Pre SVR | Post SVR | Z/t value | P value | |
ALT (U/L) | 55 (29.5) | 17 (11) | -4.015 | < 0.001 |
AST (U/L) | 40 (29.5) | 20 (10.5) | -4.016 | < 0.001 |
TB (μmol/L) | 14 (6.5) | 15.5 (11.3) | -0.541 | 0.588 |
Alb (g/L) | 44.90 ± 3.40 | 47.43 ± 3.06 | -3.919 | 0.001 |
Platelet (× 109/L) | 165 (87) | 199 (130) | -2.576 | 0.01 |
INR | 1.04 ± 0.14 | 1.02 ± 0.07 | 0.425 | 0.675 |
mHAI score, n (%) | -2.362 | 0.023 | ||
0-4 | 5 (24) | 15 (71) | ||
5-8 | 10 (48) | 4 (9) | ||
13-18 | 6 (28) | 2 (10) | ||
Ishak score, n (%) | -0.370 | 0.713 | ||
0-2 | 5 (24) | 7 (33) | ||
3-4 | 9 (43) | 7 (33) | ||
5-6 | 7 (33) | 7 (33) | ||
APRI | 0.58 (1.32) | 0.25 (0.40) | -4.015 | < 0.001 |
FIB-4 | 1.34 (3.61) | 0.99 (1.81) | -3.007 | 0.003 |
LSM (kpa) | 6.6 (7.5) | 5.8 (4.0) | -2.746 | 0.006 |
CEI | 1.65 ± 0.11 | 1.68 ± 0.16 | -1.087 | 0.29 |
In patients with CHC, the CEI was negatively correlated with the grade of inflammation (r = -0.56, P < 0.001) and stage of fibrosis (r = -0.69, P < 0.001). The CEI decreased significantly among patients with Ishak scores 0–2, 3–4, and 5–6 (1.78 ± 0.11, 1.64 ± 0.11, and 1.50 ± 0.09, respectively, P < 0.001) (Figure 2A). To further analyze the relationship between the CEI and liver pathology, we stratified the patients according to the mHAI (0–4, 5–8, 9–12, and 13–18) and Ishak score (0–2, 3–4, and 5–6; the numbers of patients in each subgroup are shown in Table 3).

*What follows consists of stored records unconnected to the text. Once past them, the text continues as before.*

(* Let $\mathcal{Q}\subseteq 2^E$ ($E$ finite) be Rayleigh (respectively weakly Rayleigh). Then there are matroids $\mathcal{M}$ and $\mathcal{N}$ on $E$ such that $\mathcal{Q}=\mathbf{I}\mathcal{M}\cap\mathbf{S}\mathcal{N}$, where $\mathbf{I}\mathcal{M}$ is the set of independent sets of $\mathcal{M}$ and $\mathbf{S}\mathcal{N}$ the set of spanning sets of $\mathcal{N}$. Moreover, the sets of bases $\mathbf{B}\mathcal{M}$ and $\mathbf{B}\mathcal{N}$ are both Rayleigh (respectively weakly Rayleigh).
   Context: For $\omega:2^E\to[0,\infty)$ not identically zero, $Z(\omega;\mathbf{y})=\sum_S\omega(S)\prod_{e\in S}y_e$; with subscripts denoting partial derivatives, $Z$ is Rayleigh if $Z_eZ_f-Z_{ef}Z\ge0$ for all distinct $e,f$ and all positive $\mathbf{y}$. A set-system $\mathcal{Q}$ is Rayleigh if $Z(\mathcal{Q};\mathbf{y})=\sum_{S\in\mathcal{Q}}\prod_{e\in S}y_e$ is Rayleigh, and weakly Rayleigh if some $\omega\ge0$ with $\{S:\omega(S)>0\}=\mathcal{Q}$ has $Z(\omega;\mathbf{y})$ Rayleigh. *)

From HB Require Import structures.
From mathcomp Require Import all_boot all_order all_algebra.
From mathcomp Require Import reals.
Set Implicit Arguments. Unset Strict Implicit. Unset Printing Implicit Defensive.
Import Order.TTheory GRing.Theory Num.Theory.
Local Open Scope ring_scope.

Section Rayleigh.
Variables (R : realType) (E : finType).

Definition Zpol (w : {set E} -> R) (y : E -> R) : R :=
  \sum_(S : {set E}) w S * \prod_(e in S) y e.

(* Partial derivative Z_e of the multiaffine polynomial Z (written out). *)
Definition Zd1 (w : {set E} -> R) (e : E) (y : E -> R) : R :=
  \sum_(S : {set E} | e \in S) w S * \prod_(g in S :\ e) y g.

(* Second partial derivative Z_{ef}, e <> f (written out). *)
Definition Zd2 (w : {set E} -> R) (e f : E) (y : E -> R) : R :=
  \sum_(S : {set E} | (e \in S) && (f \in S)) w S * \prod_(g in (S :\ e) :\ f) y g.

Definition rayleigh_poly (w : {set E} -> R) : Prop :=
  forall e f : E, e != f -> forall y : E -> R, (forall g, 0 < y g) ->
    Zd1 w e y * Zd1 w f y - Zd2 w e f y * Zpol w y >= 0.

Definition Rayleigh (Q : {set {set E}}) : Prop :=
  Q != set0 /\ rayleigh_poly (fun S => if S \in Q then 1 else 0).

Definition weakly_Rayleigh (Q : {set {set E}}) : Prop :=
  Q != set0 /\
  exists w : {set E} -> R,
    (forall S, 0 <= w S) /\ (forall S, (0 < w S) = (S \in Q)) /\ rayleigh_poly w.

End Rayleigh.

Stratified analysis | Group 1 | Group 2 | Group 3 |
mHAI score | Ishak score | ||
0-2 | 3-4 | 5-6 | |
0-4 | 14 | 11 | 1 |
5-8 | 3 | 13 | 9 |
13-18 | 0 | 0 | 9 |
Ishak score | mHAI score | ||
0-4 | 5-8 | 13-18 | |
0-4 | 14 | 2 | 0 |
3-4 | 10 | 15 | 0 |
5-6 | 1 | 9 | 9 |
In patients with a mHAI of 0–4, the CEI in Group 2 (n = 11) was significantly lower than that in Group 1 (n = 14) [(1.67 ± 0.11) vs (1.79 ± 0.11), P = 0.021] and the CEI of the only patient in Group 3 was 1.52 (Figure 2B). When the mHAI was 5–8, the CEI decreased in the order of fibrosis Group 1 (n = 3), 2 (n = 13), and 3 (n = 9) at 1.75 ± 0.06, 1.62 ± 0.11, and 1.49 ± 0.12, respectively (P = 0.032) (Figure 2C). All patients with an mHAI of 13–18 had liver cirrhosis (n = 9), and they were not grouped. In contrast, after subgrouping the patients based on the fibrosis grade, there were no significant differences in the CEI among the inflammation groups (all P > 0.05) (Figure 2D–F). Therefore, we believe that decrease in the CEI is mainly associated with the progression of fibrosis.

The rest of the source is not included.